表ではそんな風に突っぱねているが、尊敬はしているつもりだ。
「シゲル、いるー?」
こんこん、とノックして現れたのはヒカリだった。
「あ、オーキド博士もいらしてたんですね!」
「やあやあ、ヒカリ君。活躍はテレビで見ておるぞ」
「えへへ…ありがとうございます」
ヒカリは今から3年前にグランドフェスティバルで優勝しトップコーディネーターとなり名を馳せていた。その1年前にハルカがトップコーディネーターとなり二人とも人気が高い。
「あのね、シゲル。有力な情報が手に入ったわよ」
「本当かい?聞かせてくれ」
「私の知人がホウエンでサトシらしき人を見たらしいの。ピカチュウを肩に乗せていて傍にいたポケモンはリザードンとオオスバメ。
ね、サトシのポケモンにもリザードンとオオスバメいたわよね?」
「あぁ…肩に乗ったピカチュウというのも滅多にいないからサトシかもしれないね…」
顎に手を当てて少し考え込む。
「よし、次はホウエンに行こうと思う。ヒカリはどうする?」
「私も行くわ。
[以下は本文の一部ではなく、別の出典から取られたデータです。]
(* Let $\mathcal{G}_1$ and $\mathcal{G}_2$ be reaction networks in $\mathbb{R}^d$. Then $\mathcal{G}_2\sqsubseteq\mathcal{G}_1$ if and only if (i) $\mathcal{SC}_{\mathcal{G}_2}\subset\mathcal{SC}_{\mathcal{G}_1}$, and (ii) for every $\mathbf{s}\in\mathcal{SC}_{\mathcal{G}_1}$, $\mathrm{RelInt}(V^{\mathcal{G}_2}(\mathbf{s}))\subseteq\mathrm{RelInt}(V^{\mathcal{G}_1}(\mathbf{s}))$, where $V^{\mathcal{G}}(\mathbf{s})=\{\mathbf{0}\}$ if $\mathbf{s}\notin\mathcal{SC}_{\mathcal{G}}$.
   Context: A reaction network (E-graph) $\mathcal{G}=(\mathcal{V},\mathcal{E})$ is a finite directed graph whose nodes are distinct elements of a finite set $Y\subset\mathbb{R}^d_{\ge 0}$, with $\mathcal{V}\neq\emptyset$, every node incident to at least one edge, and no edge from a node to itself. For an edge $e$, $\mathbf{s}(e)$ is its source node, $\mathbf{t}(e)$ its target node, and $\mathbf{v}(e)=\mathbf{t}(e)-\mathbf{s}(e)$. Given positive rate constants $\mathcal{K}=(k_e)_{e\in\mathcal{E}}$, $\mathcal{G}$ generates $\mathbf{f}_{\mathcal{G}(\mathcal{K})}(\mathbf{x})=\sum_{e\in\mathcal{E}}k_e\mathbf{x}^{\mathbf{s}(e)}\mathbf{v}(e)$, with $\mathbf{x}^{\mathbf{y}}=\prod_i x_i^{y_i}$, $0^0=1$. We write $\mathcal{G}_2\sqsubseteq\mathcal{G}_1$ if for every choice of positive rate constants $\mathcal{K}_2$ for $\mathcal{G}_2$ there exist positive rate constants $\mathcal{K}_1$ for $\mathcal{G}_1$ with $\mathbf{f}_{\mathcal{G}_1(\mathcal{K}_1)}(\mathbf{x})=\mathbf{f}_{\mathcal{G}_2(\mathcal{K}_2)}(\mathbf{x})$ for all $\mathbf{x}$. $\mathcal{SC}_{\mathcal{G}}=\{\mathbf{s}(e):e\in\mathcal{E}\}$ is the set of source complexes. For $\mathbf{s}\in\mathcal{SC}_{\mathcal{G}}$, $V^{\mathcal{G}}(\mathbf{s})$ is the cone (set of all nonnegative linear combinations) generated by $\{\mathbf{v}(e):e\in\mathcal{E},\mathbf{s}(e)=\mathbf{s}\}$. $\mathrm{RelInt}(K)$ denotes the interior of a cone $K$ relative to its linear span. *)

From HB Require Import structures.
From mathcomp Require Import all_boot all_order all_algebra.
From mathcomp Require Import all_classical all_reals all_analysis.
Set Implicit Arguments. Unset Strict Implicit. Unset Printing Implicit Defensive.
Import Order.TTheory GRing.Theory Num.Theory.
Local Open Scope classical_set_scope.
Local Open Scope ring_scope.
あと知人を紹介するね、その人もサトシを探してるから…」
「分かった、ホウエンならマサトとハルカにも声を掛けてみよう」
姿を消した大切な仲間であるサトシを捜し続け7年の歳月が流れてしまった。
サトシの仲間だった人達はそれぞれ夢を掴んでいた。
サトシと長年一緒に旅をしてきたタケシはポケモンドクターとして世界を飛び回り、ホウエンを一緒に旅をし、サトシに憧れを抱いていたマサトは父の後を継ぎジムリーダーに、カスミは水ポケモンマスターとなって今もハナダジムのジムリーダーとして活躍をしている。
だが、夢を叶えたとしてもそこには大切な人の姿はなかった。
皆の夢が叶い一番喜んでくれるサトシの姿はなく、僕やヒカリ、タケシの心の中ではサトシへの思いが消えることはなかった。
7年前、心身共に傷ついていたサトシに更に追い討ちをかけたのは僕たちだった。
気づき、謝ろうとしても既に遅く――
サトシは僕たちの前から姿を消してしまった。それから僕たちはサトシを捜しつつも自分の夢を叶えた。
「シゲルー私はハルカに連絡をとるね…絶対にサトシを見つけようね」
「……そうだね、絶対にサトシを見つけよう」
準備してくると言い残しヒカリは部屋を出ていった。
「次は…ホウエン地方に行くのか?」
「…はい、今度こそサトシと話をします」
それだけを言ってシゲルも自室へと戻った。オーキドはシゲルの後ろ姿を見ながらぽつりと呟いた。